The applicant maintained that Article 6 § 1 applied to the proceedings for the preservation of evidence, including a costs order issued in their course. Such proceedings concerned civil rights as the Code on Civil Procedure was applicable, and they were conducted before the ordinary courts. A costs order issued in their course was enforceable and the applicability of Article 6 could not depend on the question whether or not proceeedings for the preservation of evidence were followed by main proceedings. In the present case, there were no main proceedings as the parties concluded an out-of-court settlement.

The Court notes that the parties concluded a settlement of their dispute. Thus, the question arises whether the applicant can still claim to be a victim of the alleged violation within the meaning of Article 34 of the Convention. However, the settlement did not encompass the costs incurred by the defendant in the proceedings for the preservation of evidence. Consequently, the proceedings concerning the latter's appeal against the costs order were continued. The applicant can, therefore, still claim to be a victim of the alleged unfairness of these proceedings.

As a next step, the Court must examine whether Article 6 § 1 applies to the costs proceedings at issue. It recalls that it has found Article 6 to be applicable to costs proceedings where the legal costs which formed their subject matter were incurred during the resolution of a dispute involving the determination of civil rights and obligations. In such circumstances the Court considered the costs proceedings, even though separately decided, as a continuation of the substantive litigation and accordingly as part of the “determination of  ... civil rights and obligations” (see Robins v. the United Kingdom , judgment of 23 September 1997, Reports of Judgments and Decisions 1997-V, p. 1809, § 29 and, as a more recent authority, Beer v. Austria , no. 30428/96, §§ 12-13, 6 February 2001).

In the present case, the costs order was issued in the context of proceedings for the preservation of evidence. Such proceedings merely aim at preserving evidence, usually with a view to pending or future proceedings, but do not involve a determination of the merits of the case. Moreover, as the Government pointed out, it follows from Article 388 § 3 of the Code of Civil Procedure that the costs order itself is of a provisional character. It is subject to later revision either in the main proceedings or, if no such proceedings are conducted, in separate proceedings. The proceedings for the preservation of evidence, including the costs order, are therefore comparable in the circumstances to proceedings relating to an interim injunction.

The Court has previously held that interlocutory proceedings relating to an interim injunction, in which no decision on the merits of the case is made, do not involve a determination of civil rights and obligations (see APIS a.s. v. Slovakia (dec.), no. 39754/98, 13 January 2000, unreported, and Moura Carreira and Lourenço Carreira v. Portugal (dec.), no. 41237/98, ECHR 2000-VIII, both with further references).

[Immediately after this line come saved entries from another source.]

Lemma Lt_eigen_of_squares :
  potential_bounds qh -> bounded_with_vanishing_product a b pinf ->
  Lt_eigen qh rh lam (s3dx1 (fun x => b x * b x)%C) (s3dx2 (fun x => - (a x * a x))%C).
Proof.
  intros Pq Hab.
  destruct sigma3_derivatives_of_squares as [_ [_ [-> ->]]].
  destruct (Lt_integrals Pq Hab) as [C1 [C2 Hdiff]].
  split; [exact C1 | split; [exact C2 | split]]; intros x;
    destruct (squared_components x) as [_ [HA [_ HB]]].
  - split; eexists; [exact HB | exact HA].
  - unfold Lt_op1, Lt_op2.
    apply (Lt_recursion_identity lam (qh x) (rh x) (Cderiv qh x) (Cderiv rh x) (a x) (b x)
             (da x) (db x) (dda x) (ddb x)); try reflexivity.
    + exact (Cderiv_correct _ _ _ HB).
    + exact (Cderiv_correct _ _ _ HA).
    + exact (Hdiff x).
Qed.

End SquaredEigenfunctions.

Theorem mainTheorem5
  (q : R -> C)
  (phim11 phim21 phim12 phim22 phip11 phip21 phip12 phip22 : C -> R -> C) :
  rapidly_decaying q ->
  let qh := Cderiv q in
  let rh := fun x => Cconj (Cderiv q x) in
  (forall lam, D_plus lam \/ Sigma lam ->
     jost_col1 qh lam minf (phim11 lam) (phim21 lam)) ->
  (forall lam, D_minus lam \/ Sigma lam ->
     jost_col2 qh lam minf (phim12 lam) (phim22 lam)) ->
  (forall lam, D_minus lam \/ Sigma lam ->
     jost_col1 qh lam pinf (phip11 lam) (phip21 lam)) ->
  (forall lam, D_plus lam \/ Sigma lam ->
     jost_col2 qh lam pinf (phip12 lam) (phip22 lam)) ->
  (forall lam, D_plus lam \/ Sigma lam ->
     L_eigen qh rh lam
       (s3dx1 (fun x => phim11 lam x * phim11 lam x)%C)
       (s3dx2 (fun x => phim21 lam x * phim21 lam x)%C)) /\
  (forall lam, D_minus lam \/ Sigma lam ->
     L_eigen qh rh lam
       (s3dx1 (fun x => phim12 lam x * phim12 lam x)%C)
       (s3dx2 (fun x => phim22 lam x * phim22 lam x)%C)) /\
  (forall lam, D_minus lam \/ Sigma lam ->
     Lt_eigen qh rh lam
       (s3dx1 (fun x => phip21 lam x * phip21 lam x)%C)
       (s3dx2 (fun x => - (phip11 lam x * phip11 lam x))%C)) /\
  (forall lam, D_plus lam \/ Sigma lam ->
     Lt_eigen qh rh lam
       (s3dx1 (fun x => phip22 lam x * phip22 lam x)%C)
       (s3dx2 (fun x => - (phip12 lam x * phip12 lam x))%C)).
Proof.
  intros Hq qh rh J1 J2 J3 J4.
  destruct (potential_regularity q Hq) as [Dq Pq].
  split; [|split; [|split]]; intros lam Hl.
  - exact (L_eigen_of_squares lam qh _ _ Dq (proj1 (J1 lam Hl)) Pq
             (minus_first_column qh lam _ _ Hl (J1 lam Hl))).
  - exact (L_eigen_of_squares lam qh _ _ Dq (proj1 (J2 lam Hl)) Pq
             (minus_second_column qh lam _ _ Hl (J2 lam Hl))).
  - exact (Lt_eigen_of_squares lam qh _ _ Dq (proj1 (J3 lam Hl)) Pq
             (plus_first_column qh lam _ _ Hl (J3 lam Hl))).
  - exact (Lt_eigen_of_squares lam qh _ _ Dq (proj1 (J4 lam Hl)) Pq
             (plus_second_column qh lam _ _ Hl (J4 lam Hl))).
Qed.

In conclusion the Court finds that Article 6 does not apply to the proceedings for the preservation of evidence. Consequently, it does not apply to the costs proceedings either.

It follows that the application is incompatible ratione materiae with the provisions of the Convention within the meaning of Article 35 § 3 and must be rejected in accordance with Article 35 § 4.

For these reasons, the Court unanimously

Declares the application inadmissible.